Computation is not a sequence of global truths. It is a choreography of local observations.

Beginning to see why Relativity is a real systems constraint?

In either case, the observer is what discretizes the chaotic soup of physics into a value we can reason about. Mathematically, the set of all possible snapshots is the state space.

Whether it is a stable voltage, a transient pulse, or an unresolved value, if it is an identifiable condition captured by the system’s observer, it is a state for that system. We assign it a symbol and move on.

Pure mathematics often lets us strip away the observer, or pretend the observer is omniscient, and treat states as abstract elements of a set. Fine. That is useful in math-land. But computing cannot always get away with that, because computing is physical.

In the physical world, a state becomes usable only when some observer captures it. And if the observer is inside the system it is trying to observe, then it does not get the whole system from nowhere. It gets a partial view. It samples. It misses things. It introduces boundaries.

That is where uncertainty enters: unresolved values, noise, timing windows, probability distributions, and the annoying fact that the model is not the thing itself.

The Relativity of Scale

State also depends on Scale — the final S in SPPARRS.

In a distributed system, we might view a machine as stateless. An engineer could say, "No, it is stateless because the API does not persist session data between calls".

Exactly. At the API scale, you have defined a contract that ignores the RAM, flip-flops, registers, caches, and other internal state. But the internal state is still there. If the power cuts, much of that internal state is lost. From that lower-level frame of reference, the machine is absolutely stateful.

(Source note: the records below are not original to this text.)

Lemma flip_neq c k : c != flip c k.
Proof. by apply/eqP => /ffunP /(_ k); rewrite ffunE eqxx; case: (c k). Qed.

Lemma prod_agree_off (R : comNzRingType) (y c : {ffun I -> bool}) k :
  \prod_(j | j != k) ((y j == c j)%:R : R) = ((y == c) || (y == flip c k))%:R.
Proof.
have [agree|disagree] := boolP ((y == c) || (y == flip c k)).
  by apply: big1 => j j_k; case/orP: agree => /eqP ->; rewrite ?ffunE ?(negbTE j_k) eqxx.
have [j j_k /negbTE y_j] : exists2 j, j != k & y j != c j.
  apply/exists_inP; apply: contraNT disagree => /exists_inPn agree_off.
  have {}agree_off j : j != k -> y j = c j by move=> /agree_off /negPn /eqP.
  have [y_k|y_k] := eqVneq (y k) (c k); apply/orP; [left|right]; apply/eqP/ffunP => j.
    by have [->|/agree_off] := eqVneq j k.
  rewrite ffunE; have [->|/agree_off //] := eqVneq j k.
  by move: y_k; case: (y k); case: (c k).
by rewrite (bigD1 j) //= y_j mul0r.
Qed.

Lemma sum_agree_off (R : comNzRingType) (F : {ffun I -> bool} -> R) (c : {ffun I -> bool}) k :
  \sum_y F y * \prod_(j | j != k) ((y j == c j)%:R : R) = F c + F (flip c k).
Proof.
under eq_bigr do rewrite prod_agree_off.
rewrite (bigD1 c) //= eqxx mulr1 (bigD1 (flip c k)) /=; last by rewrite eq_sym flip_neq.
rewrite eqxx orbT mulr1 big1 ?addr0 // => y /andP[/negbTE y_flip /negbTE y_c].
by rewrite y_flip y_c mulr0.
Qed.

End Flip.

Lemma flip_allA (G : finType) k : flip (allA G) k = ind [set~ k].
Proof. by apply/ffunP => j; rewrite !ffunE !inE; case: eqP. Qed.

Lemma flip_alla (G : finType) k : flip (alla G) k = ind [set k].
Proof. by apply/ffunP => j; rewrite !ffunE !inE; case: eqP. Qed.

Lemma deathE (G : finType) (R : realType) (p : state G -> event G -> R) x k :
  death p x k = \sum_e p x e * (e k != None)%:R.
Proof.
rewrite /death /edge; under eq_bigr do rewrite big_mkcond.
rewrite exchange_big; apply: eq_bigr => e _ /=.
case: (e k) => [h|] /=; last by rewrite mulr0 big1.
rewrite (bigD1 h) //= eqxx mulr1 big1 ?addr0 // => g /negbTE g_h.
by case: eqP => // -[g_eq]; rewrite g_eq eqxx in g_h.
Qed.

Lemma btotE (G : finType) (R : realType) (p : state G -> event G -> R) x :
  btot p x = \sum_k death p x k.
Proof. by rewrite /btot /birth /death exchange_big. Qed.

Section Perturbation.
Variables (G : finType) (R : realType) (p : state G -> event G -> R) (nu : R).

Definition site_slope (e : event G) (x : state G) (g : G) (b : bool) : R :=
  site_prob 1 nu e x g b - site_prob 0 nu e x g b.

Lemma site_prob_affine u e x g b :
  site_prob u nu e x g b = site_prob 0 nu e x g b + u * site_slope e x g b.
Proof.
rewrite /site_slope /site_prob; case: (e g) => [h|]; last by rewrite subrr mulr0 addr0.
by case: b; ring.
Qed.

Lemma site_slopeN e x g b : site_slope e x g (~~ b) = - site_slope e x g b.
Proof.
rewrite /site_slope /site_prob; case: (e g) => [h|]; last by rewrite !subrr oppr0.
by case: b; case: (x h) => /=; ring.
Qed.

Lemma is_rderive0_site_prob e x g b :
  is_rderive0 (fun u => site_prob u nu e x g b) (site_slope e x g b).
Proof. by under eq_fun do rewrite site_prob_affine; exact: is_rderive0_affine. Qed.
Lemma ls_coefM_top (s t : LS) m :
  coef (s * t) m = window_sum (conv_term s t m) (ls_top s) (absz (ls_top s + ls_top t - m)%R).+1.
Proof.
rewrite {1}/ls_coef /window_sum /conv_term /=; case: ifP => h.
  apply eq_bigr => i _; rewrite -(ls_coef_top_sub s i); congr (_ * _).
  have hi := ltn_ord i; rewrite /ls_coef ifT; last by lia.
  by congr ls_g; move: (ls_top s) (ls_top t) (nat_of_ord i) h hi => a b j; lia.
by rewrite big1 // => i _; rewrite (@ls_coef_gt_top t) ?mulr0 //; have := ltn_ord i; lia.
Qed.

Lemma window_supp_conv (s t : LS) m B N :
  ls_top s <= B -> B - N%:Z < m - ls_top t -> window_supp (conv_term s t m) B N.
Proof.
move=> hB hN x hx; rewrite /conv_term.
have [hxB|hxB] := boolP (x <= B).
  by rewrite (@ls_coef_gt_top t) ?mulr0 //; lia.
by rewrite ls_coef_gt_top ?mul0r //; lia.
Qed.

Lemma ls_coefM (s t : LS) m B N : window_supp (conv_term s t m) B N ->
  coef (s * t) m = window_sum (conv_term s t m) B N.
Proof.
by move=> supp; rewrite ls_coefM_top; apply: window_sum_eq => //; apply: window_supp_conv; lia.
Qed.

Lemma ls_eq_refl (s : LS) : s ≡ s.
Proof. by []. Qed.

Lemma ls_eq_sym (s t : LS) : s ≡ t -> t ≡ s.
Proof. by move=> h m. Qed.

Lemma ls_eq_trans (s t u : LS) : s ≡ t -> t ≡ u -> s ≡ u.
Proof. by move=> h1 h2 m; rewrite h1 h2. Qed.

(* [vanish_from s a]: the coefficients of [X^m], [m >= a], vanish, i.e. [ord s > - a]. *)
Definition vanish_from (s : LS) (a : int) := forall m : int, a <= m -> coef s m = 0.
End LaurentCoefficients.

Arguments vanish_from {K} s%_LS a.

Add Parametric Relation (K : fieldType) : (LS K) (@ls_eq K)
  reflexivity proved by (@ls_eq_refl K)
  symmetry proved by (@ls_eq_sym K)
  transitivity proved by (@ls_eq_trans K) as ls_eq_rel.

Add Parametric Morphism (K : fieldType) : (@ls_add K) with signature
  (@ls_eq K) ==> (@ls_eq K) ==> (@ls_eq K) as ls_add_mor.
Proof. by move=> s s' h t t' h' m; rewrite !ls_coefD h h'. Qed.

Add Parametric Morphism (K : fieldType) : (@ls_opp K) with signature
  (@ls_eq K) ==> (@ls_eq K) as ls_opp_mor.
Proof. by move=> s s' h m; rewrite !ls_coefN h. Qed.

Add Parametric Morphism (K : fieldType) : (@ls_sub K) with signature
  (@ls_eq K) ==> (@ls_eq K) ==> (@ls_eq K) as ls_sub_mor.
Proof. by move=> s s' h t t' h'; rewrite /ls_sub h h'. Qed.

Add Parametric Morphism (K : fieldType) : (@ls_mul K) with signature
  (@ls_eq K) ==> (@ls_eq K) ==> (@ls_eq K) as ls_mul_mor.
Proof.
move=> s s' h t t' h' m; have e x : conv_term s t m x = conv_term s' t' m x.
  by rewrite /conv_term h h'.
rewrite ls_coefM_top (@ls_coefM K s' t' m (ls_top s) (absz (ls_top s + ls_top t - m)%R).+1).
  by apply: eq_bigr => i _; rewrite e.
by move=> x hx; rewrite -e; apply: window_supp_conv hx; lia.
Qed.

Add Parametric Morphism (K : fieldType) : (@vanish_from K) with signature
  (@ls_eq K) ==> eq ==> iff as vanish_from_mor.
Proof. by move=> s s' h a; split=> H m hm; [rewrite -h | rewrite h]; apply: H. Qed.

Section LaurentSeries.
Variable K : fieldType.
Local Notation LS := (LS K).
Local Notation coef s m := (@ls_coef K s%LS m).

Lemma ls_add0r (s : LS) : 0 + s ≡ s.
Proof. by move=> m; rewrite ls_coefD ls_coef0 add0r. Qed.

Lemma ls_addC (s t : LS) : s + t ≡ t + s.
Proof. by move=> m; rewrite !ls_coefD addrC. Qed.

Lemma ls_addA (s t u : LS) : s + (t + u) ≡ s + t + u.
Proof. by move=> m; rewrite !ls_coefD addrA. Qed.

Lemma ls_addNr (s : LS) : s + - s ≡ 0.
Proof. by move=> m; rewrite ls_coefD ls_coefN ls_coef0 subrr. Qed.

Lemma ls_mul1r (s : LS) : 1 * s ≡ s.
Proof.
move=> m; rewrite (@ls_coefM _ _ _ m 0 1).
  by rewrite /window_sum big_ord1 /conv_term ls_coef1 subr0 eqxx mul1r subr0.
by move=> x hx; rewrite /conv_term ls_coef1 (_ : (x == 0) = false) ?mul0r //; lia.
Qed.

Lemma ls_mulC (s t : LS) : s * t ≡ t * s.
Proof.
move=> m; rewrite ls_coefM_top (window_sum_rev _ _ _ m); set B := (m - _ + _ - 1).
rewrite (@ls_coefM _ t s m B (absz (ls_top s + ls_top t - m)%R).+1).
  by apply: eq_bigr => i _; rewrite /conv_term mulrC; congr (coef _ _ * _); lia.
move=> x hx; rewrite /conv_term; have [hxt|hxt] := boolP (x <= ls_top t).
  by rewrite (@ls_coef_gt_top _ s) ?mulr0 //; rewrite /B in hx; lia.
by rewrite ls_coef_gt_top ?mul0r //; lia.
Qed.

Lemma ls_mulDl (s t u : LS) : (s + t) * u ≡ s * u + t * u.
Proof.
move=> m; rewrite ls_coefD; set B := Num.max (ls_top s) (ls_top t).
set N := (absz (B + ls_top u - m)%R).+1.
rewrite (@ls_coefM _ _ _ m B N); last by apply: window_supp_conv => /=; lia.
rewrite (@ls_coefM _ s u m B N); last by apply: window_supp_conv => /=; lia.
rewrite (@ls_coefM _ t u m B N); last by apply: window_supp_conv => /=; lia.
by rewrite -big_split; apply: eq_bigr => i _; rewrite /conv_term ls_coefD mulrDl.
Qed.
Lemma posdef_constraints_iff (a1 a2 c1 c2 : F) : a1 * a2 != 0 -> c1 + c2 != 0 ->
  (exists p q r, [/\ posdef_sym2 p q r, a1 * q + c1 * r = 0 & c2 * p + a2 * q = 0])
  <-> 0 < c1 * c2 * (a1 * a2 - c1 * c2).
Proof.
move=> a12_neq0 c12_neq0; split.
  case=> p [q [r [[p_gt0 r_gt0 qpr] E1 E2]]].
  have q_neq0 : q != 0.
    apply: contraNneq c12_neq0 => q0; move: E1 E2; rewrite q0 !mulr0 add0r addr0.
    move=> /eqP; rewrite mulf_eq0 (gt_eqF r_gt0) orbF => /eqP->.
    by move=> /eqP; rewrite mulf_eq0 (gt_eqF p_gt0) orbF => /eqP->; rewrite addr0.
  have key : a1 * a2 * q ^+ 2 = c1 * c2 * (p * r).
    have -> : c1 * c2 * (p * r) = (c1 * r) * (c2 * p) by ring.
    by rewrite -(addr0_eq E1) -(addr0_eq (etrans (addrC _ _) E2)); ring.
  have c12 : c1 * c2 != 0.
    apply: contraNneq (mulf_neq0 a12_neq0 (expf_neq0 2 q_neq0)) => c0.
    by rewrite key c0 mul0r.
  have -> : c1 * c2 * (a1 * a2 - c1 * c2)
      = (c1 * c2) ^+ 2 * (p * r - q ^+ 2) / q ^+ 2.
    have -> : (c1 * c2) ^+ 2 * (p * r - q ^+ 2)
        = c1 * c2 * (c1 * c2 * (p * r)) - (c1 * c2) ^+ 2 * q ^+ 2 by ring.
    by rewrite -key; field.
  apply: divr_gt0; last by rewrite exprn_even_gt0.
  by apply: mulr_gt0; rewrite ?exprn_even_gt0 // subr_gt0.
move=> t_pos.
have c12 : c1 * c2 != 0 by apply: contraTneq t_pos => ->; rewrite mul0r ltxx.
have a2c1 : a2 * c1 != 0.
  rewrite mulf_neq0 //; first by apply: contraNneq a12_neq0 => ->; rewrite mulr0.
  by apply: contraNneq c12 => ->; rewrite mul0r.
exists ((a2 * c1) ^+ 2), (- (a2 * c1 ^+ 2 * c2)), (a1 * a2 * c1 * c2).
split; [split | ring | ring].
- by rewrite exprn_even_gt0.
- by nra.
rewrite -subr_gt0.
have -> : (a2 * c1) ^+ 2 * (a1 * a2 * c1 * c2) - (- (a2 * c1 ^+ 2 * c2)) ^+ 2
    = (a2 * c1) ^+ 2 * (c1 * c2 * (a1 * a2 - c1 * c2)) by ring.
by rewrite mulr_gt0 // exprn_even_gt0.
Qed.

End RealAlgebra.

Section Heron.

Context {F : realDomainType}.

Definition heron (x y z : F) : F :=
  (x + y + z) * (- x + y + z) * (x - y + z) * (x + y - z).

Lemma heron_sqr (x y z : F) : heron x y z =
  2 * (x ^+ 2 * y ^+ 2 + y ^+ 2 * z ^+ 2 + z ^+ 2 * x ^+ 2)
  - (x ^+ 2 ^+ 2 + y ^+ 2 ^+ 2 + z ^+ 2 ^+ 2).
Proof. by rewrite /heron; ring. Qed.

Lemma heron_norm (x y z : F) : heron `|x| `|y| `|z| = heron x y z.
Proof. by rewrite !heron_sqr !real_normK ?num_real. Qed.

Lemma heron_le0 (x y z : F) : 0 <= y -> 0 <= z -> y + z <= x -> heron x y z <= 0.
Proof.
move=> y_ge0 z_ge0 yz_le_x.
have -> : heron x y z = (x + y + z) * (x - y + z) * (x + y - z) * (- x + y + z).
  by rewrite /heron; ring.
by rewrite mulr_ge0_le0 ?mulr_ge0 //; lra.
Qed.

So "statelessness" does not mean "there is no state anywhere". It means you are choosing a scale where the internal state is not supposed to affect the high-level relation being exposed.

Statelessness is a successful act of encapsulation. It is a choice of what to ignore.

The Mathematical Mapping

Mathematically, we can represent computation as a relation between an input state space X and an output state space Y:

$$R \subseteq X \times Y$$

In pure mathematics, this relation can be treated as static and timeless. The ordered pairs simply exist. But computing is the act of forcing this math into the physical world. This introduces causality, time, energy, space, and all the annoying stuff math-land politely ignored.

To compute, we take a state that the observer identifies "now" and use the laws of physics to move matter into the state that must exist "next". When we constrain the physics so that every input state maps to exactly one output state, we have a function:

$$f : X \to Y$$

That is the clean mathematical view. We take a domain, we define a mapping, and we use the physical machine as the enforcer to make matter follow the map.

Forcing the Matter

If I seem pedantic about relativity, scale, and physical constraints, this is why: computing in the real world is applied physics. The math gives us the rule. The physics is the struggle to obey that rule.

Suppose we want to implement a relation physically. If the domain is continuous, we may discretize it into buckets. If we are using binary digital hardware, we encode those buckets as bits.

Why bits? Because two symbols are the smallest useful contrast: low/high, false/true, 0/1. That does not mean reality is only binary. It means binary is a useful engineering choice for making distinctions robustly.

Now an input state becomes a bit pattern, and an output state becomes another bit pattern.

At that point, a relation like f can be physically encoded as a table:

abstract rule for f: f(x) = y after encoding: x bits -> y bits physical table version: lookup(x bits) = table[x bits] = y bits

The input bits for x select the stored output bits. So the machine is not "understanding" f. It is using the encoded input to choose the output that physically represents f(x).

That is the basic idea behind a LUT, or lookup table.

An FPGA LUT is a physical version of this idea: a small Boolean function, or relation in the broader sense, like f, stored as output bits selected by input bits. Input pattern comes in. Output pattern comes out.

This is part of why FPGAs can be fast for the right problems: the relation has already been baked into the hardware. The input space is wired to select from the output space. The machine is not "figuring out" f at runtime. It is following a physical structure you configured earlier.

But physically, the lookup still has to be built out of something: decoding, selection, muxing, routing, wires, capacitance, fanout, layout, and timing.

A lookup may be constant-time in the model. But silicon still has to move charge.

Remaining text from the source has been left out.